Saved data entries:
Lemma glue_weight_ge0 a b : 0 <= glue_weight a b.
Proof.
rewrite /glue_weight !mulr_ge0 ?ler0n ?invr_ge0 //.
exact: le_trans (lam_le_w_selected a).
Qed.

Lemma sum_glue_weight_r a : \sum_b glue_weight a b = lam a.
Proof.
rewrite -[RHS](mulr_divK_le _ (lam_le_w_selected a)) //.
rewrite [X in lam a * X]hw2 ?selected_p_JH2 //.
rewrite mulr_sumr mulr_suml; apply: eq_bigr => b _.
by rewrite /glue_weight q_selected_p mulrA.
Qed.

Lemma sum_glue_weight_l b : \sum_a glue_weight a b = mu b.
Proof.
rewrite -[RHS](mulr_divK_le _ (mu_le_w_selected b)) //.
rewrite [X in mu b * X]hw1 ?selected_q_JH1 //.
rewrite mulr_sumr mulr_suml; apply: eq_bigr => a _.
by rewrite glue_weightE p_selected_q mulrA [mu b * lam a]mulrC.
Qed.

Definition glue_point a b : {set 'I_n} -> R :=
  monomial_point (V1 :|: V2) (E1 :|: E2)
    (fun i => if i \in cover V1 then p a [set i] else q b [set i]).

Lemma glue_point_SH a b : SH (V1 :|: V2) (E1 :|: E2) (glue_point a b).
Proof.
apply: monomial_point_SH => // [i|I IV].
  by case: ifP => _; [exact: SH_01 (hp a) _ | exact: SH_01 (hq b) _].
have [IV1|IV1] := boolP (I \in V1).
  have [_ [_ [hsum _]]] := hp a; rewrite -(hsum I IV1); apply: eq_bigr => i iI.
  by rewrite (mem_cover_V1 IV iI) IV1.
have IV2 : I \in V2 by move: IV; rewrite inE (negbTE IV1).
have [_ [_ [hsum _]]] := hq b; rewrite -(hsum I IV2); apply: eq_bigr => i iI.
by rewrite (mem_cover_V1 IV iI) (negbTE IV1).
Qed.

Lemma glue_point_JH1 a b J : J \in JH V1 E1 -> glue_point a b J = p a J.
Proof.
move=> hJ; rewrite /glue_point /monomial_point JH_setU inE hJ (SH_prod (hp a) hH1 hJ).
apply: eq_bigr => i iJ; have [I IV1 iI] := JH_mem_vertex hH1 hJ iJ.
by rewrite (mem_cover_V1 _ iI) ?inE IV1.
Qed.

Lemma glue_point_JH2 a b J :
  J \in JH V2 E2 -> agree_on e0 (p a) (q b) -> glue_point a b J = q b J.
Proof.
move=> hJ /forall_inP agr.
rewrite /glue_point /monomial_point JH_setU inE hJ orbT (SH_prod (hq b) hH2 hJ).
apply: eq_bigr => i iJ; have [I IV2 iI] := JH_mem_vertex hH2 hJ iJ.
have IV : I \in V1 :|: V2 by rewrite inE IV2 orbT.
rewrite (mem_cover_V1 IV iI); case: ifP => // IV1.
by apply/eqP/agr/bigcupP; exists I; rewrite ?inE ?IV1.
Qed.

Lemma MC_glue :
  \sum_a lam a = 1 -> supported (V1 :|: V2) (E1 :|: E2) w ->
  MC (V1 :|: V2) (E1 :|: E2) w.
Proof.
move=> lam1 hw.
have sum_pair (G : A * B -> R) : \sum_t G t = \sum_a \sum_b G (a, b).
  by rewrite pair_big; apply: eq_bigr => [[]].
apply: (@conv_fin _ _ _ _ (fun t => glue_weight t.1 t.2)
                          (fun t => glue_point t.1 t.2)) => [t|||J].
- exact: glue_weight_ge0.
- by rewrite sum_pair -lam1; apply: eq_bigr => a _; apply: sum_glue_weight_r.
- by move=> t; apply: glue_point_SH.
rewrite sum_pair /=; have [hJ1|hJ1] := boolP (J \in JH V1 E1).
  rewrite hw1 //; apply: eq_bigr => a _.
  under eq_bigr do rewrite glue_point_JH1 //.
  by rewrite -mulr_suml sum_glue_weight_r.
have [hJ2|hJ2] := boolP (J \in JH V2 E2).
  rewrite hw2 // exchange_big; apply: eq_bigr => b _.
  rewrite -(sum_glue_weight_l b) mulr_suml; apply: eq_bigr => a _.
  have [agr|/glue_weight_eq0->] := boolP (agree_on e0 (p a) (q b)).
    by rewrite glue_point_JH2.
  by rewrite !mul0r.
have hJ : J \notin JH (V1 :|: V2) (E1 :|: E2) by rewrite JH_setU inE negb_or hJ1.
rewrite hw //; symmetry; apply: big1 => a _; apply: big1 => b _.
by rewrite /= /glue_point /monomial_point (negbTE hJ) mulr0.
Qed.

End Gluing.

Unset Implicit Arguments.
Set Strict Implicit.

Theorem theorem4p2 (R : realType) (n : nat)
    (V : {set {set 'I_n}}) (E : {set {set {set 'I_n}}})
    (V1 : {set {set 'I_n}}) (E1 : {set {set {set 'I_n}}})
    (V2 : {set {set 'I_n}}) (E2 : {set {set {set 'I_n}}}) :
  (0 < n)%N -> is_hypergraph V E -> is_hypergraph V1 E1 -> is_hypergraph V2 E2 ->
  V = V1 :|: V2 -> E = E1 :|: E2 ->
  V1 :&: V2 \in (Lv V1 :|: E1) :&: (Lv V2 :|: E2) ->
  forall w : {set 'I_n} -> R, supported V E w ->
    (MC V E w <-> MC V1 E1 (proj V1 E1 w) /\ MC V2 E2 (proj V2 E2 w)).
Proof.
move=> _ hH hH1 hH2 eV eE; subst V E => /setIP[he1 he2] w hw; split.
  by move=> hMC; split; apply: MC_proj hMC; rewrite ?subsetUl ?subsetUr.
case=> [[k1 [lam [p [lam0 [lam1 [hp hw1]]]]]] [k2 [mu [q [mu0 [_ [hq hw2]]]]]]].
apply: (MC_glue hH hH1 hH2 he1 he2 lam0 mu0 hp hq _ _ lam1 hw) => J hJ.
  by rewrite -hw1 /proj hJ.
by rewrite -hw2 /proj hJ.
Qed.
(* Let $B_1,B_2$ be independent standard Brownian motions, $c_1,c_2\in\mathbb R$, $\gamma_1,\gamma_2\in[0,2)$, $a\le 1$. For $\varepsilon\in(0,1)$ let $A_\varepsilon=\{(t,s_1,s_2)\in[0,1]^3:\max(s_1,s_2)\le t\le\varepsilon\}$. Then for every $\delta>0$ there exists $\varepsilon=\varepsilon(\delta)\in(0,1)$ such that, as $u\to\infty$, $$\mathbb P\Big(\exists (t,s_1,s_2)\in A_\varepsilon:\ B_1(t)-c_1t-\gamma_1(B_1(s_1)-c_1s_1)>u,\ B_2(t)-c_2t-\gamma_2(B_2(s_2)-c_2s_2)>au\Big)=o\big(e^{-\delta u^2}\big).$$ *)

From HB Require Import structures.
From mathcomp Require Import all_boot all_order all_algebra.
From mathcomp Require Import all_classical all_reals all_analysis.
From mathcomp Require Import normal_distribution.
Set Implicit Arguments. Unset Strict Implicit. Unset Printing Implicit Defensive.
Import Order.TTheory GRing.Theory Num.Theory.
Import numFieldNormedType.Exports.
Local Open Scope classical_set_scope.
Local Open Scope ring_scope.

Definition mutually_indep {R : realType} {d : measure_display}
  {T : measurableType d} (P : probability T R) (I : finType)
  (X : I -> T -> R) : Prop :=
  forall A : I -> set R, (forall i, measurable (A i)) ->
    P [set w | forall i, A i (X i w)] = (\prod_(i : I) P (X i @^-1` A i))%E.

(WORK INSTRUCTIONS) In the entries above, find the line holding "have [_ [_ [hsum _]]] := hp" and the line holding "move=> lam1 hw.", then retype exactly those two lines and every line between them, and nothing else.

(SOLUTION TO THIS EXERCISE)
  have [_ [_ [hsum _]]] := hp a; rewrite -(hsum I IV1); apply: eq_bigr => i iI.
  by rewrite (mem_cover_V1 IV iI) IV1.
have IV2 : I \in V2 by move: IV; rewrite inE (negbTE IV1).
have [_ [_ [hsum _]]] := hq b; rewrite -(hsum I IV2); apply: eq_bigr => i iI.
by rewrite (mem_cover_V1 IV iI) (negbTE IV1).
Qed.

Lemma glue_point_JH1 a b J : J \in JH V1 E1 -> glue_point a b J = p a J.
Proof.
move=> hJ; rewrite /glue_point /monomial_point JH_setU inE hJ (SH_prod (hp a) hH1 hJ).
apply: eq_bigr => i iJ; have [I IV1 iI] := JH_mem_vertex hH1 hJ iJ.
by rewrite (mem_cover_V1 _ iI) ?inE IV1.
Qed.

Lemma glue_point_JH2 a b J :
  J \in JH V2 E2 -> agree_on e0 (p a) (q b) -> glue_point a b J = q b J.
Proof.
move=> hJ /forall_inP agr.
rewrite /glue_point /monomial_point JH_setU inE hJ orbT (SH_prod (hq b) hH2 hJ).
apply: eq_bigr => i iJ; have [I IV2 iI] := JH_mem_vertex hH2 hJ iJ.
have IV : I \in V1 :|: V2 by rewrite inE IV2 orbT.
rewrite (mem_cover_V1 IV iI); case: ifP => // IV1.
by apply/eqP/agr/bigcupP; exists I; rewrite ?inE ?IV1.
Qed.

Lemma MC_glue :
  \sum_a lam a = 1 -> supported (V1 :|: V2) (E1 :|: E2) w ->
  MC (V1 :|: V2) (E1 :|: E2) w.
Proof.
move=> lam1 hw.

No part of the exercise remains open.